Provided information START
(* Let $1\le k\le n$ be integers, $\boldsymbol c\in\mathbb{R}^n$, $\theta\in[0,1)$, $\lambda\ge 2$, and $\boldsymbol E\in\mathbb{R}^{n\times d}$ with unit-norm rows satisfying $\boldsymbol e_i^{\mathsf T}\boldsymbol e_j>-1$ for all $i\ne j$. Let $f(\boldsymbol x)=\theta(k-1)\boldsymbol c^{\mathsf T}\boldsymbol x+(1-\theta)\boldsymbol x^{\mathsf T}(\lambda\boldsymbol I-\boldsymbol E\boldsymbol E^{\mathsf T})\boldsymbol x$ and $P=\{\boldsymbol x\in[0,1]^n:\boldsymbol 1^{\mathsf T}\boldsymbol x=k\}$. Consider the Frank--Wolfe iteration with exact line search: given $\boldsymbol x^{(t)}\in P$, let $\boldsymbol s^{(t)}\in\{0,1\}^n$ be the indicator vector of the $k$ largest entries of $\nabla f(\boldsymbol x^{(t)})$, $\boldsymbol d^{(t)}=\boldsymbol s^{(t)}-\boldsymbol x^{(t)}$, $\gamma^{(t)}\in\arg\max_{\gamma\in[0,1]}f(\boldsymbol x^{(t)}+\gamma\boldsymbol d^{(t)})$, and $\boldsymbol x^{(t+1)}=\boldsymbol x^{(t)}+\gamma^{(t)}\boldsymbol d^{(t)}$. Let $\boldsymbol x^\ast\in\{0,1\}^n\cap P$ be an integral local maximizer of $f$ on $P$. Then there exists a neighborhood $\mathcal N(\boldsymbol x^\ast)$ of $\boldsymbol x^\ast$ such that, whenever an iterate $\boldsymbol x^{(t)}\in P\cap\mathcal N(\boldsymbol x^\ast)$ with $\boldsymbol x^{(t)}\ne\boldsymbol x^\ast$ occurs, the top-$k$ indicator $\boldsymbol s^{(t)}$ is uniquely determined and equals $\boldsymbol x^\ast$, the exact line search returns $\gamma^{(t)}=1$ (uniquely), and hence $\boldsymbol x^{(t+1)}=\boldsymbol x^\ast$.
   Context: A local maximizer of $f$ on $P$ is a point $\boldsymbol x^\ast\in P$ with $f(\boldsymbol x)\le f(\boldsymbol x^\ast)$ for all $\boldsymbol x\in P$ near $\boldsymbol x^\ast$. The exact line search maximizes the one-dimensional quadratic $\gamma\mapsto f(\boldsymbol x^{(t)}+\gamma\boldsymbol d^{(t)})$ over $[0,1]$. *)

From HB Require Import structures.
From mathcomp Require Import all_boot all_order all_algebra.
From mathcomp Require Import reals.
Set Implicit Arguments. Unset Strict Implicit. Unset Printing Implicit Defensive.
Import Order.TTheory GRing.Theory Num.Theory.
Local Open Scope ring_scope.

Section Defs.
Variables (R : realType) (n d : nat).

Definition sc (A : 'M[R]_1) : R := A 0 0.

Definition Qmat (lam : R) (E : 'M[R]_(n, d)) : 'M[R]_n := lam%:M - E *m E^T.

Definition fobj (k : nat) (c : 'cV[R]_n) (theta lam : R) (E : 'M[R]_(n, d))
  (x : 'cV[R]_n) : R :=
  theta * (k%:R - 1) * sc (c^T *m x) + (1 - theta) * sc (x^T *m Qmat lam E *m x).

Definition gradf (k : nat) (c : 'cV[R]_n) (theta lam : R) (E : 'M[R]_(n, d))
  (x : 'cV[R]_n) : 'cV[R]_n :=
  (theta * (k%:R - 1)) *: c + (1 - theta) *: ((Qmat lam E + (Qmat lam E)^T) *m x).

Definition inP (k : nat) (x : 'cV[R]_n) : Prop :=
  (forall i, 0 <= x i 0 <= 1) /\ \sum_i x i 0 = k%:R.

Definition binary (x : 'cV[R]_n) : Prop := forall i, x i 0 = 0 \/ x i 0 = 1.

Definition near_vec (r : R) (x y : 'cV[R]_n) : Prop :=
  forall i, `|x i 0 - y i 0| < r.

Definition local_max_on_P (k : nat) (g : 'cV[R]_n -> R) (xs : 'cV[R]_n) : Prop :=
  inP k xs /\ exists2 r : R, 0 < r &
    forall x, inP k x -> near_vec r x xs -> g x <= g xs.

Definition topk_indicator (k : nat) (g s : 'cV[R]_n) : Prop :=
  binary s /\ \sum_i s i 0 = k%:R /\
  forall i j, s i 0 = 1 -> s j 0 = 0 -> g j 0 <= g i 0.

Definition argmax01 (phi : R -> R) (gamma : R) : Prop :=
  0 <= gamma <= 1 /\ forall g', 0 <= g' <= 1 -> phi g' <= phi gamma.

End Defs.

(* Local maximality of the integral point xs along the exchange directions
   e_j - e_i (x_i = 1, x_j = 0), which have positive curvature because
   lam >= 2 and <e_i, e_j> > -1, forces a strict gradient gap
   grad f(xs)_j < grad f(xs)_i.  The gradient is Lipschitz, so the gap persists
   on a neighbourhood of xs; there the top-k selection is xs, and for
   g in [0, 1) the increment f(xs) - f(x + g (xs - x)) is (1 - g) times the
   derivative along xs - x at the midpoint of the segment, which the gap makes
   positive: the line search must return 1. *)

From HB Require Import structures.
From mathcomp Require Import all_boot all_order all_algebra.
From mathcomp Require Import reals ring lra.
Set Implicit Arguments. Unset Strict Implicit. Unset Printing Implicit Defensive.
Import Order.TTheory GRing.Theory Num.Theory.
Local Open Scope ring_scope.

Section BilinearForms.
Variables (R : realType) (n : nat).
Implicit Types (u v w : 'cV[R]_n) (Q : 'M[R]_n).

Lemma scD (A B : 'M[R]_1) : sc (A + B) = sc A + sc B.
Proof. by rewrite /sc mxE. Qed.

Lemma scZ s (A : 'M[R]_1) : sc (s *: A) = s * sc A.
Proof. by rewrite /sc mxE. Qed.

Lemma scT (A : 'M[R]_1) : sc A^T = sc A.
Proof. by rewrite /sc mxE. Qed.

Definition bform Q u v := sc (u^T *m Q *m v).
Definition dot u v := sc (u^T *m v).

Lemma bformDl Q u v w : bform Q (u + v) w = bform Q u w + bform Q v w.
Proof. by rewrite /bform linearD /= !mulmxDl scD. Qed.

Lemma bformDr Q u v w : bform Q w (u + v) = bform Q w u + bform Q w v.
Proof. by rewrite /bform mulmxDr scD. Qed.

Lemma bformZl Q s u w : bform Q (s *: u) w = s * bform Q u w.
Proof. by rewrite /bform linearZ /= -!scalemxAl scZ. Qed.

Lemma bformZr Q s u w : bform Q w (s *: u) = s * bform Q w u.
Proof. by rewrite /bform -!scalemxAr scZ. Qed.

Lemma bform_trmx Q u v : bform Q^T u v = bform Q v u.
Proof. by rewrite /bform -scT !trmx_mul !trmxK mulmxA. Qed.

Lemma bform_delta Q i j : bform Q (delta_mx i 0) (delta_mx j 0) = Q i j.
Proof. by rewrite /bform trmx_delta -rowE -colE /sc !mxE. Qed.

Lemma dotDr u v w : dot w (u + v) = dot w u + dot w v.
Proof. by rewrite /dot mulmxDr scD. Qed.

Lemma dotZr s u w : dot w (s *: u) = s * dot w u.
Proof. by rewrite /dot -!scalemxAr scZ. Qed.

Lemma dotE u v : dot u v = \sum_i u i 0 * v i 0.
Proof. by rewrite /dot /sc mxE; apply: eq_bigr => i _; rewrite mxE. Qed.

Lemma dot_delta u j : dot u (delta_mx j 0) = u j 0.
Proof. by rewrite /dot -colE /sc !mxE. Qed.

End BilinearForms.

Section ColumnVectors.
Variables (R : realType) (n : nat).
Implicit Types (x y s t v : 'cV[R]_n).

Lemma sum_col_delta j : \sum_l (delta_mx j 0 : 'cV[R]_n) l 0 = 1.
Proof.
rewrite (bigD1 j) //= mxE !eqxx big1 ?addr0 // => l /negbTE nl.
by rewrite mxE nl.
Qed.

Lemma binary_eq_of_le s t : binary s -> binary t ->
  \sum_i s i 0 = \sum_i t i 0 -> (forall j, t j 0 = 1 -> s j 0 = 1) -> s = t.
Proof.
move=> bs bt sst st; have ge0 j : 0 <= s j 0 - t j 0.
  by have [et|et] := bt j; [have [es|es] := bs j | rewrite (st j et)];
     rewrite ?et ?es; lra.
have /(psumr_eq0P (fun i _ => ge0 i)) eq0 : \sum_i (s i 0 - t i 0) = 0.
  by rewrite sumrB sst subrr.
by apply/matrixP => i j; rewrite (ord1 j); apply/eqP; rewrite -subr_eq0 eq0.
Qed.

Section TopK.
Variables (k : nat) (g xs : 'cV[R]_n).
Hypotheses (bxs : binary xs) (sum_xs : \sum_i xs i 0 = k%:R).
Hypothesis gap : forall i j, xs i 0 = 1 -> xs j 0 = 0 -> g j 0 < g i 0.

Lemma topk_indicator_gap : topk_indicator k g xs.
Proof. by do 2!split=> //; move=> i j xi xj; exact/ltW/gap. Qed.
Provided information END
With the line containing "Lemma dotE u" as the start and the last line of the material above as the end, copy that run of lines exactly, both ends included, and nothing more.

Answer space:
Lemma dotE u v : dot u v = \sum_i u i 0 * v i 0.
Proof. by rewrite /dot /sc mxE; apply: eq_bigr => i _; rewrite mxE. Qed.

Lemma dot_delta u j : dot u (delta_mx j 0) = u j 0.
Proof. by rewrite /dot -colE /sc !mxE. Qed.

End BilinearForms.

Section ColumnVectors.
Variables (R : realType) (n : nat).
Implicit Types (x y s t v : 'cV[R]_n).

Lemma sum_col_delta j : \sum_l (delta_mx j 0 : 'cV[R]_n) l 0 = 1.
Proof.
rewrite (bigD1 j) //= mxE !eqxx big1 ?addr0 // => l /negbTE nl.
by rewrite mxE nl.
Qed.

Lemma binary_eq_of_le s t : binary s -> binary t ->
  \sum_i s i 0 = \sum_i t i 0 -> (forall j, t j 0 = 1 -> s j 0 = 1) -> s = t.
Proof.
move=> bs bt sst st; have ge0 j : 0 <= s j 0 - t j 0.
  by have [et|et] := bt j; [have [es|es] := bs j | rewrite (st j et)];
     rewrite ?et ?es; lra.
have /(psumr_eq0P (fun i _ => ge0 i)) eq0 : \sum_i (s i 0 - t i 0) = 0.
  by rewrite sumrB sst subrr.
by apply/matrixP => i j; rewrite (ord1 j); apply/eqP; rewrite -subr_eq0 eq0.
Qed.

Section TopK.
Variables (k : nat) (g xs : 'cV[R]_n).
Hypotheses (bxs : binary xs) (sum_xs : \sum_i xs i 0 = k%:R).
Hypothesis gap : forall i j, xs i 0 = 1 -> xs j 0 = 0 -> g j 0 < g i 0.

Lemma topk_indicator_gap : topk_indicator k g xs.
Proof. by do 2!split=> //; move=> i j xi xj; exact/ltW/gap. Qed.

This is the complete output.